╔══
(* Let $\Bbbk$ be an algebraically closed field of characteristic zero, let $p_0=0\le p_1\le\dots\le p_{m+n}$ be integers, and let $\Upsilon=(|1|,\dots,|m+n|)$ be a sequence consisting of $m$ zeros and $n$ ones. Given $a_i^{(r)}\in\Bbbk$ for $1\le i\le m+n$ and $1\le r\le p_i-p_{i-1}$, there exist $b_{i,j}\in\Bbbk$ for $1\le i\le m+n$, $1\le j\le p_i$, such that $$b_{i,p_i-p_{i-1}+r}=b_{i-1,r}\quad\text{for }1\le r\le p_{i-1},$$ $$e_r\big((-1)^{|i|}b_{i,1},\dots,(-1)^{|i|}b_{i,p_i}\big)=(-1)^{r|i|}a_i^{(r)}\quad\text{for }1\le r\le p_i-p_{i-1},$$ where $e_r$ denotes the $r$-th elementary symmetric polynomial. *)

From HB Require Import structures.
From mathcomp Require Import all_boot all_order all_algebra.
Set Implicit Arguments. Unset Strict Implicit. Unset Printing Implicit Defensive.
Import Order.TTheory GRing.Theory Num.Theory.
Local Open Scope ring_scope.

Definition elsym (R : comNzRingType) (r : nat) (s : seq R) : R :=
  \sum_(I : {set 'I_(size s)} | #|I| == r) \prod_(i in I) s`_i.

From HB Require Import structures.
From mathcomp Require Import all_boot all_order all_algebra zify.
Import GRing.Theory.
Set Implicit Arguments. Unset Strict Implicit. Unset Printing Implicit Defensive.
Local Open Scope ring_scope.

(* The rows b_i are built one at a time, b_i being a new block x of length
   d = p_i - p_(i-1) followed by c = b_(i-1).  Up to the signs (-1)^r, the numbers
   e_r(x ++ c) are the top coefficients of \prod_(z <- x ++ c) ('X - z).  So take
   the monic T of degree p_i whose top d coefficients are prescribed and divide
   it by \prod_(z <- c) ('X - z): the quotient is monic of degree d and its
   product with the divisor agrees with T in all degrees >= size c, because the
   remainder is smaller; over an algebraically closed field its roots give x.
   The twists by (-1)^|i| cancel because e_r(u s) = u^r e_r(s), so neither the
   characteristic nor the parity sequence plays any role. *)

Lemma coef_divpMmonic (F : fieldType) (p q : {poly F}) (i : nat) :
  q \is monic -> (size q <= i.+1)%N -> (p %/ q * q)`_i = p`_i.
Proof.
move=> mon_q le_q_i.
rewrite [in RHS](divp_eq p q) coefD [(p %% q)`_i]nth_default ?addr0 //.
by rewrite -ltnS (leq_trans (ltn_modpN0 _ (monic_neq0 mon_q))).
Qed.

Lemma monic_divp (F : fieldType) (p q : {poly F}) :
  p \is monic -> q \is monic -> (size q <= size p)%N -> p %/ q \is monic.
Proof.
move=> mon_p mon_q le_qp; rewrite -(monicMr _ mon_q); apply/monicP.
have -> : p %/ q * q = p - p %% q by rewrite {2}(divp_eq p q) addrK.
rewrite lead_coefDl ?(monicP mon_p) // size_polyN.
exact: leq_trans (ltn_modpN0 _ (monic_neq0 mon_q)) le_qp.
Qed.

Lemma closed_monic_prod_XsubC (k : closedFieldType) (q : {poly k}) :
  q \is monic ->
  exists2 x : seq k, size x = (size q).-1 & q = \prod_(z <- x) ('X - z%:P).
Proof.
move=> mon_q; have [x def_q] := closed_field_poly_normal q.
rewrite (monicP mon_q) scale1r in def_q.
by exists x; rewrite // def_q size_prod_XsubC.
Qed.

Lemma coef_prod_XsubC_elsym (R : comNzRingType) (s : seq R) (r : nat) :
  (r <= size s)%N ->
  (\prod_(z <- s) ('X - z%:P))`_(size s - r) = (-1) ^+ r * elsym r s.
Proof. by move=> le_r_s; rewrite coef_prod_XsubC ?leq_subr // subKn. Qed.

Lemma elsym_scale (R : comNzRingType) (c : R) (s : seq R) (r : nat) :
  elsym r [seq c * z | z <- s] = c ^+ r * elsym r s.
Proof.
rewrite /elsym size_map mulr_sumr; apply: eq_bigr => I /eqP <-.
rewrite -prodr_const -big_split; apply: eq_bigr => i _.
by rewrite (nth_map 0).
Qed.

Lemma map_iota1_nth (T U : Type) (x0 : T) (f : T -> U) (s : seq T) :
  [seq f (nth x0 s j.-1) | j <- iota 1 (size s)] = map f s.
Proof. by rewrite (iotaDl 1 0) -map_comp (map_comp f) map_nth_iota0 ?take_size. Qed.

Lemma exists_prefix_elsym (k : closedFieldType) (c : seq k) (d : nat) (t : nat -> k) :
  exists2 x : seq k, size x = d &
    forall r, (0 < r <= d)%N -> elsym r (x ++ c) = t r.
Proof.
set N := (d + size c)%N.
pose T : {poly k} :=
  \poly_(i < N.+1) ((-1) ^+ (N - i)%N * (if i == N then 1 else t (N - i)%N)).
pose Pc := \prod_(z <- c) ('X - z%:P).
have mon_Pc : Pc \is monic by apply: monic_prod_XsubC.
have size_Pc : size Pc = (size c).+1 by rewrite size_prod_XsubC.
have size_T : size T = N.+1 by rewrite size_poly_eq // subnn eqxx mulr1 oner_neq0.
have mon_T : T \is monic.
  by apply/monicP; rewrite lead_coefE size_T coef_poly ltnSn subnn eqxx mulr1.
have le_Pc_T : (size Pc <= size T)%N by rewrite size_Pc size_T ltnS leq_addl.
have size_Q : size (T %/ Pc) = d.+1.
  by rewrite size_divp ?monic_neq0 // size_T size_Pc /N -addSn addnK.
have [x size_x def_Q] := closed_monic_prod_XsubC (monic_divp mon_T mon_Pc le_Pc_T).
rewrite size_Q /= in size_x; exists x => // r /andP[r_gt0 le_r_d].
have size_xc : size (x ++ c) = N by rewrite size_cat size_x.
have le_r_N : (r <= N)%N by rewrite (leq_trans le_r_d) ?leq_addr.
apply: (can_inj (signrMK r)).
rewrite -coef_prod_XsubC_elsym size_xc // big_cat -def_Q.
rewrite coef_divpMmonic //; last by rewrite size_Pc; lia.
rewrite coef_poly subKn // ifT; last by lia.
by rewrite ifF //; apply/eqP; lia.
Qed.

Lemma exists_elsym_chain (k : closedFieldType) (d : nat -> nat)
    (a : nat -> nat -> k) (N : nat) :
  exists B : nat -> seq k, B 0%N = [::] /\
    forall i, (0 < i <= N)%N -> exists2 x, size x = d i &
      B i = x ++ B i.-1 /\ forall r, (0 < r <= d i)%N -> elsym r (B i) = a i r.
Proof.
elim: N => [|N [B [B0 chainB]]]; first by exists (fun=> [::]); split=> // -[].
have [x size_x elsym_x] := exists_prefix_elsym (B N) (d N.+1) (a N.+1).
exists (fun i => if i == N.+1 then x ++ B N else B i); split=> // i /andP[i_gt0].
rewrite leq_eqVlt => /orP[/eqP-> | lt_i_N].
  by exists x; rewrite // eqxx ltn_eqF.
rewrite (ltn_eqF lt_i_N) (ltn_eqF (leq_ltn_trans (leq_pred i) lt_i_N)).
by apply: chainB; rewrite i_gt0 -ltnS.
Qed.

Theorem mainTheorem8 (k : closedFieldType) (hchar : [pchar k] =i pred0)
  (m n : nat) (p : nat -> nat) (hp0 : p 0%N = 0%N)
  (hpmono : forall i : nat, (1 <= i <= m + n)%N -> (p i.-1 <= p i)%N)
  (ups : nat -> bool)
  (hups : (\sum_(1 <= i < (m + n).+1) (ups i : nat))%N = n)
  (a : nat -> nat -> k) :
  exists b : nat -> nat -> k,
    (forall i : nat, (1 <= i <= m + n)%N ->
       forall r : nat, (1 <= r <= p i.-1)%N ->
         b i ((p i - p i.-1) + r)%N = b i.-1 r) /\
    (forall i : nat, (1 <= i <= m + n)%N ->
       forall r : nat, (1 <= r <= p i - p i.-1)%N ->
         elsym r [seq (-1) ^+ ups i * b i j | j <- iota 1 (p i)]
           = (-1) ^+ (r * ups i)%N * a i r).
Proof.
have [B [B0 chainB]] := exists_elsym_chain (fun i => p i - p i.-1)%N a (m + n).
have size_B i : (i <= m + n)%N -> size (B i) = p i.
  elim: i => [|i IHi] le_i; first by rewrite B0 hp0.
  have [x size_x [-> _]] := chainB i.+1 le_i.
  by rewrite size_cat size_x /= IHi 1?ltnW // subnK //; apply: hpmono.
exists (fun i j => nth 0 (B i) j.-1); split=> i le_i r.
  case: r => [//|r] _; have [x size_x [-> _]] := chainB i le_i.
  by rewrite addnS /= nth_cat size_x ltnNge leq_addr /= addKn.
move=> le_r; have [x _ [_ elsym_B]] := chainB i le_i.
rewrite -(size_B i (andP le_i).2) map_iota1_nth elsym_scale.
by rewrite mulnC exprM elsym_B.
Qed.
╚══
§ **What you have to do**
Please give an exact copy of the lines above, beginning with the line containing "exists2 x : seq k, size x = d &" and running through the line containing "have mon_T : T \is monic.", and of no other lines.

§ **The answer**
  exists2 x : seq k, size x = d &
    forall r, (0 < r <= d)%N -> elsym r (x ++ c) = t r.
Proof.
set N := (d + size c)%N.
pose T : {poly k} :=
  \poly_(i < N.+1) ((-1) ^+ (N - i)%N * (if i == N then 1 else t (N - i)%N)).
pose Pc := \prod_(z <- c) ('X - z%:P).
have mon_Pc : Pc \is monic by apply: monic_prod_XsubC.
have size_Pc : size Pc = (size c).+1 by rewrite size_prod_XsubC.
have size_T : size T = N.+1 by rewrite size_poly_eq // subnn eqxx mulr1 oner_neq0.
have mon_T : T \is monic.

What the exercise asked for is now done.